Facilitating End-of-Life Decisions. Most clients prefer to include an Advance Directive for Health Care in their estate plan. This document enables a person to legally direct, in advance, whether the person will receive life support in the event the person becomes terminally ill, irreversibly unconscious, or suffers another end-stage condition, and is unable at that time to communicate his or her wishes. A person can either make specific instructions at the time of signing the document, or use the document to appoint a health care proxy who will make the decisions for his or her benefit when—and if—certain situations arise. The Advance Directive also allows a person to instruct whether or not he or she will be an organ donor, and provide more specific instructions about that if desired.
Reducing Estate Administration Costs and Hassle. Including certain provisions in your will can significantly reduce the costs of administering your probate estate as well as the work required of your estate representative. Incapacity planning and/or trusts can also reduce or eliminate the expense and work required to probate an estate.

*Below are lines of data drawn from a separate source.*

Lemma admissible_bounds x : admissible B x -> forall j, 0 <= x j <= B.
Proof.
  intros [Hx HB] j. split; [apply Hx|].
  pose proof (HB (S j)). simpl in H. pose proof (psum_nonneg x j (fun k _ => Hx k)). lra.
Qed.

Lemma admissible_psum_bounds x : admissible B x -> forall n, 0 <= psum x n <= B.
Proof. intros [Hx HB] n. split; [apply psum_nonneg; auto | apply HB]. Qed.

Lemma admissible_midpoint x y : admissible B x -> admissible B y -> admissible B (midpoint x y).
Proof.
  intros [Hx HBx] [Hy HBy]. split.
  - intros j. unfold midpoint. specialize (Hx j). specialize (Hy j). lra.
  - intros n. rewrite psum_midpoint. specialize (HBx n). specialize (HBy n). lra.
Qed.

Lemma admissible_zero : 0 <= B -> admissible B (fun _ => 0).
Proof. intros HB. split; [intros; lra | intros n; rewrite psum_const0; exact HB]. Qed.

Lemma admissibleN_of_admissible N x : admissible B x -> admissibleN B N x.
Proof. intros [Hx HB]. split; auto. Qed.

Lemma admissible_extN N xi : admissibleN B N xi -> admissible B (extN N xi).
Proof.
  intros [Hxi HB]. split.
  - intros j. destruct (Nat.lt_ge_cases j N).
    + rewrite extN_lt by assumption. auto.
    + rewrite extN_ge by assumption. lra.
  - intros n. rewrite psum_extN. eapply Rle_trans; [|exact HB].
    apply psum_le_psum; [exact Hxi | lia].
Qed.

Lemma admissibleN_midpoint N x y :
  admissibleN B N x -> admissibleN B N y -> admissibleN B N (midpoint x y).
Proof.
  intros [Hx HBx] [Hy HBy]. split.
  - intros j Hj. unfold midpoint. specialize (Hx j Hj). specialize (Hy j Hj). lra.
  - rewrite psum_midpoint. lra.
Qed.

Lemma admissibleN_closed N (X : nat -> nat -> R) (xs : nat -> R) :
  (forall n, admissibleN B N (X n)) ->
  (forall j, (j < N)%nat -> is_lim_seq (fun n => X n j) (xs j)) ->
  admissibleN B N xs.
Proof.
  intros HX Hlim. split.
  - intros j Hj.
    pose proof (is_lim_seq_le (fun _ => 0) (fun n => X n j) 0 (xs j)) as H.
    apply H; [intros n; apply (proj1 (HX n)), Hj | apply is_lim_seq_const | apply Hlim, Hj].
  - pose proof (is_lim_seq_le (fun n => psum (X n) N) (fun _ => B) (psum xs N) B) as H.
    apply H; [intros n; apply (proj2 (HX n)) | apply is_lim_seq_psum, Hlim |].
    apply is_lim_seq_const.
Qed.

Avoiding the need for probate. Regardless of whether you leave a written will, property you own at death must generally go through the court-supervised probate process. This expensive process can take months or years to complete. Estate planning can usually eliminate the need for probate if that is one of your priorities. This can save your heirs time and money, and reduce their stress.
Avoiding the need for ancillary probate. If you own certain types of property (such as mineral interests or other real estate) in more than one state, a probate must generally be conducted in each state where you own such property at death. Good estate planning can prevent the need for ancillary probate.
Tax Savings. Knowledgeable estate planning can result in significant savings of estate, gift, capital gains, and income taxes.
Preventing Unwanted Surprises. Failure to skillfully plan ahead often leads to unwanted surprises and sometimes disastrous results. For example, most people assume that if they die without leaving a will, their surviving spouse will automatically inherit all their property. But under Oklahoma law, if you die without a will, are married at the time of your death, and also have surviving children or parents, your probate property is required to be divided between your surviving spouse and children (or your parents, if you do not have living children at your death). The percentage share your spouse and children (or parents) will inherit is pre-set by statute. This can lead to unexpected financial hardship for the surviving spouse, especially for smaller estates. This is just one of many pitfalls that can be avoided by seeking the guidance of a knowledgeable estate planning attorney.
Preventing Fractionation of Land and Mineral Ownership. Failure to plan ahead often results in unwanted division of real estate interests. For example, ownership of a home or pasture may be divided among multiple children and/or grandchildren. This can make the property more difficult to maintain, use, lease, or sell. It also often creates tension and disagreements among the beneficiary owners. Oil and gas (and other mineral interests) are notorious for becoming highly fractionated as they are passed from one generation to the next. In many cases, the shares become divided among so many owners that each owner’s share has little value. These problems can be avoided with good estate planning.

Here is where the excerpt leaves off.